I’m nothing now… a woman that your eyes would just scan right past in
search of something nice to look at. Age is a terminal disease. It’s a
slow death and I hate it!

And
nighttimes are so heavy now. We get into bed and it’s like hell. As the
light goes off I can feel his request and I tense up and pull away. His
unspoken pressure fills the air until I can barely breathe and I know
he wants sex but I just don’t want to “give” it.

I
wish for one minute I could just feel like he wants ME. But how could
anybody want me. So, instead, I feel like it’s just this pursuit of a
hormone release. He tries to pretend he wants to be close to me, but I
just can’t believe it and I see it as him just wanting to “get off.”

I
feign sleep or act as if I don’t notice that he’s fairly begging for
it. Why can’t he just be my friend for a night and not have all that
pressure building up in the background?

I
hate sex! I used to love it… or at least many of the things surrounding
it. Now I just hate it because, in its own way, it comes between my
husband and me instead of bringing us closer together. And then, if I
do come through for him, it’s not enough to just satisfy him. Now I
feel the pressure of me supposing to have an orgasm too. I really HATE
that. It just drives me further and further from even wanting to
connect.

Then
I get scared that he’ll have an affair with somebody who may be more
into sex than I am right now. So I pull even further away and end up
thinking that this will be a self-fulfilling prophecy if I’m not
careful. Sort of like it will all end up with, “I KNEW you were going
to eventually cheat on me. THAT’S why I always kept my distance…”
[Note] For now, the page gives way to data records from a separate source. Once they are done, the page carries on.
(* Under the hypotheses in the context (decomposition of $\mathcal X$ over $A$, $g\in\mathcal G_s$, integer $T>0$, and $\operatorname{argmin}_{u\in\mathcal U} J^*_{t+1}(Ax+Bu)\cap[\bigoplus_{i\in\mathcal I}\mathcal E_i]\neq\emptyset$ for all $x\in\mathcal X$, $t\in\{0,\dots,T-1\}$), for every $i\in\mathcal I$ the restriction of the optimal cost $J^*$ of $(A,B,g,T)$ to $\mathcal X_i$ equals the optimal cost $\bar J_i^*$ of the subproblem $(A,B|_{\mathcal E_i},g,T)$.
   Context: Let $\mathcal F$ be a field and $\mathcal X,\mathcal U$ finite-dimensional vector spaces over $\mathcal F$. Let $A:\mathcal X\to\mathcal X$ and $B:\mathcal U\to\mathcal X$ be linear maps with $B$ injective, and let $g:\mathcal X\to\mathbb R_{\ge0}$ satisfy $g(x)=0\iff x=0$. Standing assumption: all minima appearing below are attained. For the finite-horizon problem $(A,B,g,T)$ associated with $x_{t+1}=Ax_t+Bu_t$ (cost $\sum_{t=0}^Tg(x_t)$ minimized over $u_0,\dots,u_{T-1}\in\mathcal U$), the cost-to-go functions are $J^*_T=g$ and $J^*_t(x)=g(x)+\min_{u\in\mathcal U}J^*_{t+1}(Ax+Bu)$; the optimal cost is $J^*=J^*_0$. A decomposition of $\mathcal X$ over $A$ is a direct sum $\mathcal X=\mathcal X_1\oplus\cdots\oplus\mathcal X_r$ with $r>1$ and $A\mathcal X_i\subseteq\mathcal X_i$ for all $i\in\mathcal I=\{1,\dots,r\}$; $\rho_i:\mathcal X\to\mathcal X_i$ is the projection along the other summands. $\mathcal G_s$ is the set of $h:\mathcal X\to\mathbb R_{\ge0}$ with $h(x)=\sum_i h(\rho_i(x))$ for all $x$. $\mathcal E_i=\{u\in\mathcal U:Bu\in\mathcal X_i\}$. Subproblem $(A,B|_{\mathcal E_i},g,T)$: system $x_{i,t+1}=Ax_{i,t}+B\bar u_{i,t}$ with states in $\mathcal X_i$ and inputs in $\mathcal E_i$, cost $\sum_{t=0}^Tg(x_{i,t})$; its optimal cost is $\bar J_i^*$ (equivalently $\bar J^*_{i,0}$ where $\bar J^*_{i,T}=g|_{\mathcal X_i}$ and $\bar J^*_{i,t}(z)=g(z)+\min_{u\in\mathcal E_i}\bar J^*_{i,t+1}(Az+Bu)$). *)

From HB Require Import structures.
From mathcomp Require Import all_boot all_order all_algebra.
From Stdlib Require Import ClassicalEpsilon.
Set Implicit Arguments. Unset Strict Implicit. Unset Printing Implicit Defensive.
Import Order.TTheory GRing.Theory Num.Theory.
Local Open Scope ring_scope.

Section Defs.
Variables (F : fieldType) (X U : vectType F) (R : realFieldType).

Definition is_argmin (S : U -> Prop) (f : U -> R) (u : U) : Prop :=
  S u /\ forall v, S v -> f u <= f v.

(* min_{u in S} f u  (the value is only meaningful when the minimum is attained;
   otherwise it is an arbitrary default 0) *)
Definition minval (S : U -> Prop) (f : U -> R) : R :=
  match excluded_middle_informative (exists u, is_argmin S f u) with
  | left H => f (proj1_sig (constructive_indefinite_description _ H))
  | right _ => 0
  end.

Fixpoint ctg (A : 'End(X)) (B : 'Hom(U, X)) (g : X -> R) (S : U -> Prop)
  (k : nat) (x : X) : R :=
  match k with
  | 0 => g x
  | k'.+1 => g x + minval S (fun u => ctg A B g S k' (A x + B u))
  end.

Definition Jstar A B g (T t : nat) : X -> R := ctg A B g (fun _ => True) (T - t).

Definition Eset (B : 'Hom(U, X)) (Xi : {vspace X}) : U -> Prop :=
  fun u => B u \in Xi.

Definition Jbar A B g (Xi : {vspace X}) (T t : nat) : X -> R :=
  ctg A B g (Eset B Xi) (T - t).

Definition rho r (Xs : 'I_r -> {vspace X}) (i : 'I_r) : 'End(X) :=
  sumv_pi (\sum_(j < r) Xs j)%VS i.

Definition decomposition (A : 'End(X)) r (Xs : 'I_r -> {vspace X}) : Prop :=
  [/\ (1 < r)%N, directv (\sum_(j < r) Xs j)%VS,
      (\sum_(j < r) Xs j)%VS = fullv
    & forall i, (A @: Xs i <= Xs i)%VS].

Definition in_Gs r (Xs : 'I_r -> {vspace X}) (g : X -> R) : Prop :=
  (forall x, 0 <= g x) /\ forall x, g x = \sum_(i < r) g (rho Xs i x).

Definition Esum (B : 'Hom(U, X)) r (Xs : 'I_r -> {vspace X}) : {vspace U} :=
  (\sum_(i < r) (B @^-1: Xs i))%VS.

End Defs.

From HB Require Import structures.
From mathcomp Require Import all_boot all_order all_algebra.
From Stdlib Require Import ClassicalEpsilon.
Import Order.TTheory GRing.Theory Num.Theory.
Local Open Scope ring_scope.

(** Because the summands X_i are A-invariant and g is additive over them, the
   one-step cost g x + J_{k}(A x + B u) splits into a sum of per-summand costs,
   each depending only on rho_i x and rho_i (B u). When some minimizer u lies in
   the direct sum of the E_i, the components of B u can be chosen independently,
   so the minimum of the sum is the sum of the per-summand minima over E_i. By
   induction on the horizon, J^*_t = sum_i Jbar^*_{i,t} o rho_i; on X_i all
   other terms vanish, since each cost-to-go is nonnegative and zero at 0. *)

Section CostToGo.
Context {F : fieldType} {X U : vectType F} {R : realFieldType}.
Context {A : 'End(X)} {B : 'Hom(U, X)} {g : X -> R}.
Hypothesis g_ge0 : forall x, 0 <= g x.

Lemma minval_argmin {S : U -> Prop} {f : U -> R} {u : U} :
  is_argmin S f u -> minval S f = f u.
Proof.
move=> [Su fu_min]; rewrite /minval.
case: excluded_middle_informative => [H|[]]; last by exists u.
case: constructive_indefinite_description => c [Sc fc_min] /=.
by apply/le_anti; rewrite fc_min // fu_min.
Qed.

Lemma minval_ge0 (S : U -> Prop) (f : U -> R) :
  (forall u, 0 <= f u) -> 0 <= minval S f.
Proof. by move=> f_ge0; rewrite /minval; case: excluded_middle_informative. Qed.

Lemma ctg_ge0 S k x : 0 <= ctg A B g S k x.
Proof.
elim: k x => [|k IH] x /=; first exact: g_ge0.
by rewrite addr_ge0 // minval_ge0.
Qed.

Lemma ctg0 S : g 0 = 0 -> S 0 -> forall k, ctg A B g S k 0 = 0.
Proof.
move=> g0 S0; elim=> [|k IH] //=.
rewrite g0 add0r (minval_argmin (u := 0)); first by rewrite !linear0 add0r IH.
by split=> // v _; rewrite !linear0 add0r IH ctg_ge0.
Qed.

End CostToGo.

Section DirectSum.
Context {F : fieldType} {X : vectType F} {r : nat} {Xs : 'I_r -> {vspace X}}.
Hypothesis Xs_direct : directv (\sum_(j < r) Xs j).
Hypothesis Xs_full : (\sum_(j < r) Xs j)%VS = fullv.

Lemma rho_mem j x : rho Xs j x \in Xs j.
Proof. exact: memv_sum_pi. Qed.

Lemma sum_rho x : \sum_j rho Xs j x = x.
Proof. by rewrite sumv_pi_sum // Xs_full memvf. Qed.

Lemma rho_sum (ys : 'I_r -> X) k :
  (forall j, ys j \in Xs j) -> rho Xs k (\sum_j ys j) = ys k.
Proof.
move=> ys_mem; move/directv_sum_unique: Xs_direct => uniq_sum.
have := uniq_sum (fun j => rho Xs j (\sum_j ys j)) ys.
rewrite sum_rho eqxx => /(_ (fun j _ => rho_mem j _) (fun j _ => ys_mem j)).
by move=> /esym/forall_inP/(_ k isT)/eqP.
Qed.

Lemma rho_memE i y k : y \in Xs i -> rho Xs k y = if k == i then y else 0.
Proof.
move=> yi; have y_sum : y = \sum_j (if j == i then y else 0).
  by rewrite -big_mkcond big_pred1_eq.
by rewrite {1}y_sum rho_sum // => j; case: eqP => [->|_]; rewrite ?mem0v.
Qed.

Lemma rho_invariant (A : 'End(X)) k x :
  (forall j, (A @: Xs j <= Xs j)%VS) -> rho Xs k (A x) = A (rho Xs k x).
Proof.
move=> A_inv; rewrite -{1}(sum_rho x) linear_sum rho_sum // => j.
exact/(subvP (A_inv j))/memv_img/rho_mem.
Qed.

Context {U : vectType F} {B : 'Hom(U, X)} {R : realFieldType}.

Lemma rho_B_sum (ws : 'I_r -> U) k :
  (forall j, Eset B (Xs j) (ws j)) -> rho Xs k (B (\sum_j ws j)) = B (ws k).
Proof. by move=> ws_mem; rewrite linear_sum rho_sum. Qed.

Lemma separable_argmin {h : 'I_r -> X -> R} {us : U} {v : 'I_r -> U} :
  is_argmin (fun _ => True) (fun u => \sum_j h j (rho Xs j (B u))) us ->
  us \in Esum B Xs ->
  (forall j, is_argmin (Eset B (Xs j)) (fun w => h j (B w)) (v j)) ->
  \sum_j h j (rho Xs j (B us)) = \sum_j h j (B (v j)).
Proof.
move=> [_ us_min] us_mem v_min.
have v_mem j : Eset B (Xs j) (v j) by case: (v_min j).
apply/le_anti/andP; split.
  have := us_min (\sum_j v j) I.
  by under [X in _ <= X -> _]eq_bigr => j _ do rewrite rho_B_sum //.
case/memv_sumP: us_mem => ws ws_mem ->.
have ws_E j : Eset B (Xs j) (ws j).
  by have := ws_mem j isT; rewrite /Eset memv_preim.
apply: ler_sum => j _; rewrite rho_B_sum //.
by case: (v_min j) => _; apply.
Qed.

End DirectSum.

Section Decomposition.
Context {F : fieldType} {X U : vectType F} {R : realFieldType}.
Context {A : 'End(X)} {B : 'Hom(U, X)} {g : X -> R}.
Context {r : nat} {Xs : 'I_r -> {vspace X}}.
Hypothesis Xs_direct : directv (\sum_(j < r) Xs j).
Hypothesis Xs_full : (\sum_(j < r) Xs j)%VS = fullv.
Hypothesis A_invariant : forall j, (A @: Xs j <= Xs j)%VS.
Hypothesis g_sum : forall x, g x = \sum_(j < r) g (rho Xs j x).

Local Notation J := (ctg A B g (fun _ => True)).
Local Notation Jbar j := (ctg A B g (Eset B (Xs j))).

Lemma ctg_sum_step k x :
  (forall y, J k y = \sum_j Jbar j k (rho Xs j y)) ->
  (exists2 us, is_argmin (fun _ => True) (fun u => J k (A x + B u)) us
             & us \in Esum B Xs) ->
  (forall j, exists v, is_argmin (Eset B (Xs j))
                         (fun v => Jbar j k (A (rho Xs j x) + B v)) v) ->
  J k.+1 x = \sum_j Jbar j k.+1 (rho Xs j x).
Proof.
move=> J_sum [us [_ us_min] us_mem] /fin_all_exists[v v_min].
pose h j y := Jbar j k (A (rho Xs j x) + y).
have J_sep u : J k (A x + B u) = \sum_j h j (rho Xs j (B u)).
  rewrite J_sum; apply: eq_bigr => j _.
  by rewrite /h -(rho_invariant Xs_direct Xs_full _ _ _ A_invariant) -linearD.
have us_sep :
    is_argmin (fun _ => True) (fun u => \sum_j h j (rho Xs j (B u))) us.
  by split=> // w _; rewrite -!J_sep us_min.
rewrite /= (minval_argmin (u := us)) //.
under [RHS]eq_bigr => j _ do rewrite /= (minval_argmin (u := v j)) //.
rewrite big_split /= -g_sum J_sep.
by rewrite (separable_argmin Xs_direct Xs_full us_sep us_mem v_min).
Qed.

Lemma ctg_sum K :
  (forall k x, (k < K)%N ->
     exists2 us, is_argmin (fun _ => True) (fun u => J k (A x + B u)) us
               & us \in Esum B Xs) ->
  (forall j k z, (k < K)%N -> z \in Xs j ->
     exists v, is_argmin (Eset B (Xs j)) (fun v => Jbar j k (A z + B v)) v) ->
  forall k, (k <= K)%N -> forall x, J k x = \sum_j Jbar j k (rho Xs j x).
Proof.
move=> J_argmin Jbar_argmin; elim=> [|k IH] kK x; first exact: g_sum.
apply: ctg_sum_step; first exact/IH/ltnW.
  exact: J_argmin.
by move=> j; apply/Jbar_argmin/rho_mem.
Qed.

End Decomposition.

Theorem corollary2 (F : fieldType) (X U : vectType F) (R : realFieldType)
  (A : 'End(X)) (B : 'Hom(U, X)) (g : X -> R) (r : nat)
  (Xs : 'I_r -> {vspace X}) (T : nat) :
  injective B ->
  (forall x, g x = 0 <-> x = 0) ->
  decomposition A Xs ->
  in_Gs Xs g ->
  (0 < T)%N ->
  (forall (t : nat) (x : X), (t < T)%N ->
     exists u, is_argmin (fun _ => True) (fun u => Jstar A B g T t.+1 (A x + B u)) u) ->
  (forall (i : 'I_r) (t : nat) (z : X), (t < T)%N -> z \in Xs i ->
     exists u, is_argmin (Eset B (Xs i))
                 (fun u => Jbar A B g (Xs i) T t.+1 (A z + B u)) u) ->
  (forall (t : nat) (x : X), (t < T)%N ->
     exists u, is_argmin (fun _ => True) (fun u => Jstar A B g T t.+1 (A x + B u)) u
               /\ u \in Esum B Xs) ->
  forall (i : 'I_r) (z : X), z \in Xs i ->
    Jstar A B g T 0 z = Jbar A B g (Xs i) T 0 z.
Proof.
move=> _ g_eq0 [_ Xs_direct Xs_full A_inv] [g_ge0 g_sum] _ _ Jbar_argmin
  J_argmin i z zi.
have g0 : g 0 = 0 by apply/g_eq0.
(* Steps remaining k correspond to time t = T - k.+1. *)
have time_of_steps k :
    (k < T)%N -> (T - k.+1 < T)%N /\ (T - (T - k.+1).+1 = k)%N.
  by move=> kT; rewrite ltn_subrL subnSK // subKn // (leq_trans _ kT).
rewrite /Jstar /Jbar !subn0 (ctg_sum Xs_direct Xs_full A_inv g_sum T) //.
- rewrite (bigD1 i) //= big1 ?addr0.
    by rewrite (rho_memE Xs_direct Xs_full _ _ _ zi) eqxx.
  move=> j ji; rewrite (rho_memE Xs_direct Xs_full _ _ _ zi) (negPf ji) ctg0 //.
  by rewrite /Eset linear0 mem0v.
- move=> k x /time_of_steps[tT tk].
  by have [u [u_min u_mem]] := J_argmin _ x tT; exists u; rewrite // -tk.
- by move=> j k y /time_of_steps[tT tk] yj; rewrite -tk; apply: Jbar_argmin.
Qed.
“Well, maybe I wouldn’t have cheated on you if you would have let me get close!”

Then,
sometimes, in my worst moments, I almost wish he WOULD have an affair
and just leave me alone. And why is that? Because I feel so unable to
compete… so UNwomanly… so old and so fat and so repulsive.

So…
I was stunned when I read this today. It came at such an odd time
(arranged by God, thank you). Because this morning my husband and I had
incredible sex… loving and fulfilling (thanks to the wonderful therapy
I’ve been getting). Sex has been becoming the kind of sex I never
thought I’d have, an act of love and intimacy. And, of course it stems
from the weight loss surgery and my new feelings about my own body and
the way I look. And all I can do at this point is just bless and thank
God because, you know, that is who is behind this all. I can honestly
say that I remember so clearly feeling what I felt above, but I HAD
forgotten it because God has brought me “out of the desert.” This must
be very much what the Israelites felt like after they had entered the
fringes of the land of milk and honey. The desert memories must have
begun to fade. That is probably why they set up annual celebrations to
recall what God had done for them.

LOL – Maybe I need to do the
same! Set up some sort of annual celebration where I have a feast and
dance around in an off the shoulder shirt and celebrate that God gave
me back my sexuality!!!

Log in to write a note

What a great entry. Im really happy for you. Im feeling vey low, body wise today… It seems I am fighting a never ending battle….. but I know its all in the way I view it. I cannot allow myslef to get caught up in societies ‘dos’ and ‘don’ts’. Society is so incredibly decieved!

Im glad the Bruce saga worked out for good 🙂

April 9, 2005

What a lovely sounding day.

April 9, 2005

🙂 I’m happy for you.

April 10, 2005

i am siting here like this -> =D i havent ben happy for so long but i have my god son on my lap a story that u loved (yes!) and this boi has jst told me he loves me. SO YE IM GREAT. and im happy for u. thankyou for praying for me last night!

April 10, 2005

Funny you posted that…I’m feeling that way now.

sounds like u had a good day…… i havent had one of those in a while hopefully today will be ok 🙂 ttyl

ryn: ‘true emotional vulnerability…’ I don’t know what this means. I’m sure you’re right. I’m going to look into it with the psychologist. But if you’ve never had chocolates in your life, you don’t know what you’re missing. Same with this vulnerability idea. I don’t understand anything about the notion at all…! Thanks for your thoughts on this!

yayayayay for celebrations! Liz

TJ
April 16, 2005

I’m glad you don’t feel like that anymore. We are so hard on ourselves sometimes, yet that is exactly how I feel right now.